---- Exercise material

Lemma ipxxE x : ip x x = \sum_i x i ord0 ^+ 2.
Proof. by rewrite /ip mxE; apply: eq_bigr => i _; rewrite mxE expr2. Qed.

Lemma ipxx_ge0 x : 0 <= ip x x.
Proof. by rewrite ipxxE sumr_ge0 // => i _; rewrite sqr_ge0. Qed.

Lemma ipxx_eq0 x : ip x x = 0 -> x = 0.
Proof.
rewrite ipxxE => /eqP; rewrite psumr_eq0 => [/allP x0|i _]; last by rewrite sqr_ge0.
apply/matrixP => i j; rewrite (ord1 j) mxE.
by have /implyP /(_ isT) := x0 i (mem_index_enum _); rewrite sqrf_eq0 => /eqP.
Qed.

Lemma qfE P x : qf P x = ip x (P *m x).
Proof. by rewrite /qf /ip mulmxA. Qed.

Lemma qfDZ P u d (t : R) : sym_mx P ->
  qf P (u + t *: d) = qf P u + t * (2 * ip d (P *m u)) + t ^+ 2 * qf P d.
Proof.
move=> hP; rewrite !qfE mulmxDr -scalemxAr !(ipDl, ipDr, ipZl, ipZr).
by rewrite (ip_sym_mulmx u d hP); ring.
Qed.

Lemma qfD P u d : sym_mx P -> qf P (u + d) = qf P u + 2 * ip d (P *m u) + qf P d.
Proof. by move=> hP; rewrite -[d in LHS]scale1r qfDZ // mul1r expr1n mul1r. Qed.

Lemma qf_three_point P x y z : sym_mx P ->
  qf P (x - z) = qf P (y - z) + 2 * ip (x - y) (P *m (y - z)) + qf P (x - y).
Proof. by move=> hP; rewrite -qfD // [y - z + _]addrC subrKA. Qed.

Lemma qfN P u : qf P (- u) = qf P u.
Proof. by rewrite !qfE mulmxN ipNl ipNr opprK. Qed.

Lemma qfZ P (c : R) u : qf P (c *: u) = c ^+ 2 * qf P u.
Proof. by rewrite !qfE -scalemxAr ipZl ipZr mulrA expr2. Qed.

Lemma qfB P x y : sym_mx P -> qf P x - qf P y = ip (x - y) (P *m (x + y)).
Proof. by move=> hP; rewrite !qfE mulmxDr ipBl !ipDr (ip_sym_mulmx y x hP); ring. Qed.

Lemma qf_addmx P Q u : qf (P + Q) u = qf P u + qf Q u.
Proof. by rewrite !qfE mulmxDl ipDr. Qed.

Lemma qf_submx P Q u : qf (P - Q) u = qf P u - qf Q u.
Proof. by rewrite !qfE mulmxBl ipBr. Qed.

Lemma qf_scalemx P (c : R) u : qf (c *: P) u = c * qf P u.
Proof. by rewrite !qfE -scalemxAl ipZr. Qed.

Lemma qf_conjmx P A x : sym_mx P -> qf (P *m A *m P) x = qf A (P *m x).
Proof. by move=> hP; rewrite !qfE -!mulmxA ip_mulmxl hP. Qed.

Lemma qf_invmx P x : sym_mx P -> P \in unitmx -> qf (invmx P) x = qf P (invmx P *m x).
Proof. by move=> hP hU; rewrite !qfE mulmxA mulmxV // mul1mx ipC. Qed.

Lemma qfD_ge P y d e : sym_mx P -> (forall z, 0 <= qf P z) ->
  2 * ip d (P *m (y - e)) - qf P e <= qf P (y + d) - qf P y.
Proof.
move=> hP hpsd; have := hpsd (d + e); rewrite !qfD // mulmxBr ipBr.
by rewrite (ip_sym_mulmx e d hP); lra.
Qed.

Lemma qfD_le P x y : sym_mx P -> (forall z, 0 <= qf P z) ->
  qf P (x + y) <= 2 * qf P x + 2 * qf P y.
Proof.
move=> hP hpsd; have := hpsd (x + (-1) *: y).
by rewrite qfDZ // qfD // expr2; lra.
Qed.

Lemma sym_invmx P : sym_mx P -> sym_mx (invmx P).
Proof. by rewrite /sym_mx trmx_inv => ->. Qed.

Lemma symD P Q : sym_mx P -> sym_mx Q -> sym_mx (P + Q).
Proof. by rewrite /sym_mx linearD /= => -> ->. Qed.

Lemma symB P Q : sym_mx P -> sym_mx Q -> sym_mx (P - Q).
Proof. by rewrite /sym_mx linearB /= => -> ->. Qed.

Lemma symZ P (c : R) : sym_mx P -> sym_mx (c *: P).
Proof. by rewrite /sym_mx linearZ /= => ->. Qed.

Lemma sym_conjmx P A : sym_mx P -> sym_mx A -> sym_mx (P *m A *m P).
Proof. by rewrite /sym_mx !trmx_mul => -> ->; rewrite mulmxA. Qed.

--------

> **Your goal**
Set down, exactly as they stand above, the lines starting with the line with "Lemma qf_scalemx P" and going on through the line with "Proof. by rewrite /sym_mx trmx_inv", and no others.

> **Response area**
Lemma qf_scalemx P (c : R) u : qf (c *: P) u = c * qf P u.
Proof. by rewrite !qfE -scalemxAl ipZr. Qed.

Lemma qf_conjmx P A x : sym_mx P -> qf (P *m A *m P) x = qf A (P *m x).
Proof. by move=> hP; rewrite !qfE -!mulmxA ip_mulmxl hP. Qed.

Lemma qf_invmx P x : sym_mx P -> P \in unitmx -> qf (invmx P) x = qf P (invmx P *m x).
Proof. by move=> hP hU; rewrite !qfE mulmxA mulmxV // mul1mx ipC. Qed.

Lemma qfD_ge P y d e : sym_mx P -> (forall z, 0 <= qf P z) ->
  2 * ip d (P *m (y - e)) - qf P e <= qf P (y + d) - qf P y.
Proof.
move=> hP hpsd; have := hpsd (d + e); rewrite !qfD // mulmxBr ipBr.
by rewrite (ip_sym_mulmx e d hP); lra.
Qed.

Lemma qfD_le P x y : sym_mx P -> (forall z, 0 <= qf P z) ->
  qf P (x + y) <= 2 * qf P x + 2 * qf P y.
Proof.
move=> hP hpsd; have := hpsd (x + (-1) *: y).
by rewrite qfDZ // qfD // expr2; lra.
Qed.

Lemma sym_invmx P : sym_mx P -> sym_mx (invmx P).
Proof. by rewrite /sym_mx trmx_inv => ->. Qed.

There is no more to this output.